Латиноамериканская проза – ярчайший камень в ожерелье художественной литературы XX века. Имена Маркеса, Кортасара, Борхеса и других авторов возвышаются над материком прозы. Рядом с ними высится могучий пик – Жоржи Амаду. Имя этого бразильского писателя – своего рода символ литературы Латинской Америки. Магическая, завораживающая проза Амаду давно и хорошо знакома в нашей стране. Но роман «Тереза Батиста, Сладкий Мёд и Отвага» впервые печатается в полном объеме.
В 1964 г. Нарайан издает книгу «Боги, демоны и другие», в которой ставит перед собой трудную задачу: дать краткий, выразительный пересказ древних легенд, современное их прочтение. Нарайан придает своим пересказам особую интонацию, слегка ироническую и отстраненную; он свободно сопоставляет события мифа и сегодняшнего дня.
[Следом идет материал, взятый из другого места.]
(* Let $\mathcal{C}$ be a pre-Hilbert $*$-category and $\mathrm{Con}(\mathcal{C})$ its wide subcategory of contractions. (i) Every split monomorphism in $\mathrm{Con}(\mathcal{C})$ is isometric. (ii) The inclusion functor $\mathrm{Con}(\mathcal{C})\hookrightarrow\mathcal{C}$ preserves jointly monic wide spans. (iii) The inclusion functor $\mathrm{Con}(\mathcal{C})\hookrightarrow\mathcal{C}$ creates isometric equalisers; in particular, in $\mathrm{Con}(\mathcal{C})$ every parallel pair of morphisms has an isometric equaliser. (iv) In $\mathrm{Con}(\mathcal{C})$, every equaliser is isometric.
   Context: A $*$-category is a category with a choice of $f^*\colon Y\to X$ for each $f\colon X\to Y$ such that $1^*=1$, $(gf)^*=f^*g^*$, $(f^* )^*=f$; $f$ is an isometry if $f^*f=1$. A pre-Hilbert $*$-category is a $*$-category with (R1) a zero object, (R2) orthonormal biproducts of all pairs of objects (biproducts $(X,s_1,r_1,s_2,r_2)$ with $r_k=s_k^*$), (R3) an isometric kernel for every morphism, and (R4) every diagonal $\Delta\colon X\to X\oplus X$ a kernel of some morphism; such a category is additive. For Hermitian endomorphisms $a,b$ of $A$, $a\le b$ means $b-a=y^*y$ for some $y\colon A\to Y$. A contraction is a morphism $f$ with $f^*f\leq 1$; contractions contain all identities and are closed under composition and $*$, forming the wide $*$-subcategory $\mathrm{Con}(\mathcal{C})$. A wide span $(g_\alpha\colon Y\to Z_\alpha)_{\alpha\in I}$ is jointly monic if $g_\alpha h_1=g_\alpha h_2$ for all $\alpha$ implies $h_1=h_2$. ''Creates isometric equalisers'' here means: for any parallel pair of contractions, an isometric equaliser of it in $\mathcal{C}$ is a morphism of $\mathrm{Con}(\mathcal{C})$ and is an equaliser of the pair in $\mathrm{Con}(\mathcal{C})$. *)

Set Implicit Arguments.
Unset Strict Implicit.
Lemma eventually_b_le_a : exists N, forall i, (N <= i)%Z -> b i <= a i.
Proof.
  destruct (doubling_eventually_ge1 (fun i => a i / b i)) as [N HN].
  - intro i. apply Rdiv_lt_0_compat; [apply a_pos | apply b_pos].
  - exact ratio_doubles.
  - exists N; intros i Hi. specialize (HN i Hi). pose proof (b_pos i).
    apply (Rmult_le_compat_r (b i)) in HN; [|lra].
    unfold Rdiv in HN. rewrite Rmult_assoc, Rinv_l in HN by lra. lra.
Qed.

Lemma sum_halves i : b i <= a i -> a (i + 1)%Z + b (i + 1)%Z <= (a i + b i) / 2.
Proof.
  intro Hba. pose proof (sqr_b i). pose proof (a_pos i). pose proof (b_pos i).
  pose proof (a_pos (i + 1)). pose proof (b_pos (i + 1)).
  assert (a (i + 1)%Z + 2 * b (i + 1)%Z <= b i) by nra. lra.
Qed.

Lemma ex_lim_pinf_m : exists L, lim_pinf m L.
Proof.
  destruct eventually_b_le_a as [N HN].
  apply (ex_lim_pinf_of_majorant m (fun i => 4 * (a i + b i)) N m_nondecreasing).
  - intro i. pose proof (a_pos i). pose proof (b_pos i). lra.
  - intros i Hi. pose proof (sum_halves i (HN i Hi)). pose proof (m_step i).
    pose proof (b_pos i). lra.
Qed.

Lemma ex_lim_pinf_n : exists L, lim_pinf n L.
Proof.
  destruct eventually_b_le_a as [N HN].
  destruct (ex_lim_pinf_of_majorant (fun i => - n i) (fun i => 2 * (a i + b i)) N)
    as [L HL].
  - intro i. pose proof (n_nonincreasing i). lra.
  - intro i. pose proof (a_pos i). pose proof (b_pos i). lra.
  - intros i Hi. pose proof (sum_halves i (HN i Hi)). pose proof (n_step (i + 1)).
    pose proof (a_pos (i + 1)). pose proof (b_pos (i + 1)).
    replace (i + 1 - 1)%Z with i in * by ring. lra.
  - exists (- L). exact (lim_pinf_opp _ _ HL).
Qed.

End PositiveSolution.

Definition quad_rev (s : quad) : quad :=
  Quad (fun i => qb s (- i)%Z) (fun i => qa s (- i)%Z)
       (fun i => qn s (- i)%Z) (fun i => qm s (- i)%Z).

Lemma positive_ABMN_rev (s : quad) : positive_ABMN s -> positive_ABMN (quad_rev s).
Proof.
  intros [Habmn Hpos]. split; intro i; simpl.
  - destruct (Habmn (- i)%Z) as (Ha & Hb & Em & En & Em' & En').
    replace (- (i + 1))%Z with (- i - 1)%Z by lia.
    replace (- (i - 1))%Z with (- i + 1)%Z by lia.
    repeat split; lra.
  - destruct (Hpos (- i)%Z). split; assumption.
Qed.

Lemma ex_lim_minf_m (s : quad) : positive_ABMN s -> exists L, lim_minf (qm s) L.
Proof.
  intro Hs. destruct (ex_lim_pinf_n _ (positive_ABMN_rev s Hs)) as [L HL].
  exists L. apply lim_minf_reflect. exact HL.
Qed.

Lemma quad_ext (s t : quad) :
  (forall i, qa s i = qa t i) -> (forall i, qb s i = qb t i) ->
  (forall i, qm s i = qm t i) -> (forall i, qn s i = qn t i) -> s = t.
Proof.
  destruct s, t; simpl; intros.
  f_equal; apply functional_extensionality; assumption.
Qed.

Lemma image_of_refl (s : quad) : image_of s s.
Proof. exists 1, 0, 0. split; [lra|]. apply quad_ext; intro i; simpl; ring. Qed.

Lemma image_of_sym (s t : quad) : image_of s t -> image_of t s.
Proof.
  intros (u & v1 & v2 & Hu & ->). exists (/ u), (- u * v1), (- u * v2).
  split; [apply Rinv_0_lt_compat; exact Hu|].
  apply quad_ext; intro i; simpl; field; lra.
Qed.

Lemma image_of_trans (s t w : quad) : image_of s t -> image_of t w -> image_of s w.
Proof.
  intros (u & v1 & v2 & Hu & ->) (u' & v1' & v2' & Hu' & ->).
  exists (u * u'), (v1 + v1' / u), (v2 + v2' / u). split; [nra|].
  apply quad_ext; intro i; simpl; field; lra.
Qed.

Lemma abmn_rel_image_of (s t : quad) : abmn_rel s t -> image_of s t.
Proof. intros [H|H]; [exact H | exact (image_of_sym _ _ H)]. Qed.

Lemma positive_ABMN_image (s : quad) (u v1 v2 : R) :
  positive_ABMN s -> 0 < u -> positive_ABMN (tau u (chi v1 v2 s)).
Proof.
  intros [Habmn Hpos] Hu. split; intro i; simpl.
  - destruct (Habmn i) as (Ha & Hb & Em & En & Em' & En'). repeat split; nra.
  - destruct (Hpos i). split; nra.
Qed.

Lemma unique_in_class (P : quad -> Prop) (s : quad) (u0 w1 w2 : R) :
  positive_ABMN s -> 0 < u0 ->
  (forall u v1 v2, 0 < u -> P (tau u (chi v1 v2 s)) <-> u = u0 /\ v1 = w1 /\ v2 = w2) ->
  exists t, positive_ABMN t /\ abmn_rel s t /\ P t /\
    forall t', positive_ABMN t' -> abmn_rel s t' -> P t' -> t' = t.
Proof.
  intros Hs Hu0 HP. exists (tau u0 (chi w1 w2 s)).
  split; [apply positive_ABMN_image; assumption|].
  split; [left; exists u0, w1, w2; split; auto|].
  split; [apply HP; auto|].
  intros t' _ Hrel Ht'.
  destruct (abmn_rel_image_of _ _ Hrel) as (u & v1 & v2 & Hu & ->).
  apply HP in Ht' as (-> & -> & ->); auto.
Qed.

Section Normalization.
Variable s : quad.
Hypothesis Hs : positive_ABMN s.
Variables Lm Lp Ln : R.
Hypothesis HLm : lim_minf (qm s) Lm.
Hypothesis HLp : lim_pinf (qm s) Lp.
Hypothesis HLn : lim_pinf (qn s) Ln.

Lemma m_step_pos : 0 < qm s 0%Z - qm s (-1)%Z.
Proof.
  pose proof (m_step s Hs (-1)). pose proof (a_pos s Hs (-1)). pose proof (b_pos s Hs (-1)).
  simpl in *. lra.
Qed.

Lemma lim_minf_lt_lim_pinf : Lm < Lp.
Proof.
  pose proof (lim_minf_le_nondecreasing _ _ (m_nondecreasing s Hs) HLm (-1)).
  pose proof (nondecreasing_le_lim_pinf _ _ (m_nondecreasing s Hs) HLp 0).
  pose proof m_step_pos. lra.
Qed.

Lemma image_limits_zero_iff (u v1 v2 : R) : 0 < u ->
  lim_minf (qm (tau u (chi v1 v2 s))) 0 /\ lim_pinf (qn (tau u (chi v1 v2 s))) 0 <->
  v1 = - Lm /\ v2 = - Ln.
Proof.
  intro Hu. split.
  - intros [Hm Hn].
    pose proof (lim_minf_unique _ _ _ Hm (lim_minf_affine _ _ u v1 HLm)) as Em.
    pose proof (lim_pinf_unique _ _ _ Hn (lim_pinf_affine _ _ u v2 HLn)) as En.
    split; nra.
  - intros [-> ->]. split.
    + replace 0 with (u * (Lm + - Lm)) by ring. exact (lim_minf_affine _ _ _ _ HLm).
    + replace 0 with (u * (Ln + - Ln)) by ring. exact (lim_pinf_affine _ _ _ _ HLn).
Qed.

Lemma standard_image_iff (u v1 v2 : R) : 0 < u ->
  standard (tau u (chi v1 v2 s)) <-> u = / (Lp - Lm) /\ v1 = - Lm /\ v2 = - Ln.
Proof.
  intro Hu. pose proof lim_minf_lt_lim_pinf. split.
  - intros (_ & Hm & Hn & Hp).
    destruct (proj1 (image_limits_zero_iff u v1 v2 Hu) (conj Hm Hn)) as [-> ->].
    split; [|split; reflexivity].
    pose proof (lim_pinf_unique _ _ _ Hp (lim_pinf_affine _ _ u (- Lm) HLp)).
    apply (Rmult_eq_reg_r (Lp - Lm)); [rewrite Rinv_l|]; lra.
  - intros (-> & E1 & E2).
    destruct (proj2 (image_limits_zero_iff _ v1 v2 Hu) (conj E1 E2)) as [Hm Hn].
    split; [exact (positive_ABMN_image s _ v1 v2 Hs Hu)|].
    split; [exact Hm|]. split; [exact Hn|].
    replace 1 with (/ (Lp - Lm) * (Lp + v1)) by (rewrite E1; field; lra).
    exact (lim_pinf_affine _ _ _ _ HLp).
Qed.

Lemma default_image_iff (u v1 v2 : R) : 0 < u ->
  default_sol (tau u (chi v1 v2 s)) <->
  u = / (qm s 0%Z - qm s (-1)%Z) /\ v1 = - Lm /\ v2 = - Ln.
Proof.
  intro Hu. pose proof m_step_pos. split.
  - intros (_ & Hm & Hn & Hd).
    destruct (proj1 (image_limits_zero_iff u v1 v2 Hu) (conj Hm Hn)) as [-> ->].
    split; [|split; reflexivity]. simpl in Hd.
    apply (Rmult_eq_reg_r (qm s 0%Z - qm s (-1)%Z)); [rewrite Rinv_l|]; lra.
  - intros (-> & E1 & E2).
    destruct (proj2 (image_limits_zero_iff _ v1 v2 Hu) (conj E1 E2)) as [Hm Hn].
    split; [exact (positive_ABMN_image s _ v1 v2 Hs Hu)|].
    split; [exact Hm|]. split; [exact Hn|]. simpl. field. lra.
Qed.

End Normalization.

Theorem mainTheorem9 :
  ((forall s, positive_ABMN s -> abmn_rel s s) /\
   (forall s t, positive_ABMN s -> positive_ABMN t -> abmn_rel s t -> abmn_rel t s) /\
   (forall s t w, positive_ABMN s -> positive_ABMN t -> positive_ABMN w ->
      abmn_rel s t -> abmn_rel t w -> abmn_rel s w)) /\
  (forall s, positive_ABMN s ->
     (exists t, positive_ABMN t /\ abmn_rel s t /\ standard t /\
        forall t', positive_ABMN t' -> abmn_rel s t' -> standard t' -> t' = t) /\
     (exists t, positive_ABMN t /\ abmn_rel s t /\ default_sol t /\
        forall t', positive_ABMN t' -> abmn_rel s t' -> default_sol t' -> t' = t)).
Proof.
  split; [split; [|split]|].
  - intros s _. left. apply image_of_refl.
  - intros s t _ _ [H|H]; [right|left]; exact H.
  - intros s t w _ _ _ Hst Htw. left.
    exact (image_of_trans _ _ _ (abmn_rel_image_of _ _ Hst) (abmn_rel_image_of _ _ Htw)).
  - intros s Hs.
    destruct (ex_lim_minf_m s Hs) as [Lm HLm].
    destruct (ex_lim_pinf_m s Hs) as [Lp HLp].
    destruct (ex_lim_pinf_n s Hs) as [Ln HLn].
    pose proof (lim_minf_lt_lim_pinf s Hs Lm Lp HLm HLp).
    pose proof (m_step_pos s Hs).
    split.
    + apply (unique_in_class standard s (/ (Lp - Lm)) (- Lm) (- Ln) Hs).
      * apply Rinv_0_lt_compat; lra.
      * exact (standard_image_iff s Hs Lm Lp Ln HLm HLp HLn).
    + apply (unique_in_class default_sol s (/ (qm s 0%Z - qm s (-1)%Z)) (- Lm) (- Ln) Hs).
      * apply Rinv_0_lt_compat; lra.
      * exact (default_image_iff s Hs Lm Ln HLm HLn).
Qed.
Грозное оружие сатиры И. Эркеня обращено против социальной несправедливости, лжи и обывательского равнодушия, против моральной беспринципности. Вера в торжество гуманизма — таков общественный пафос его творчества.
Мухаммед Диб — крупнейший современный алжирский писатель, автор многих романов и новелл, получивших широкое международное признание.В романах «Кто помнит о море», «Пляска смерти», «Бог в стране варваров», «Повелитель охоты», автор затрагивает острые проблемы современной жизни как в странах, освободившихся от колониализма, так и в странах капиталистического Запада.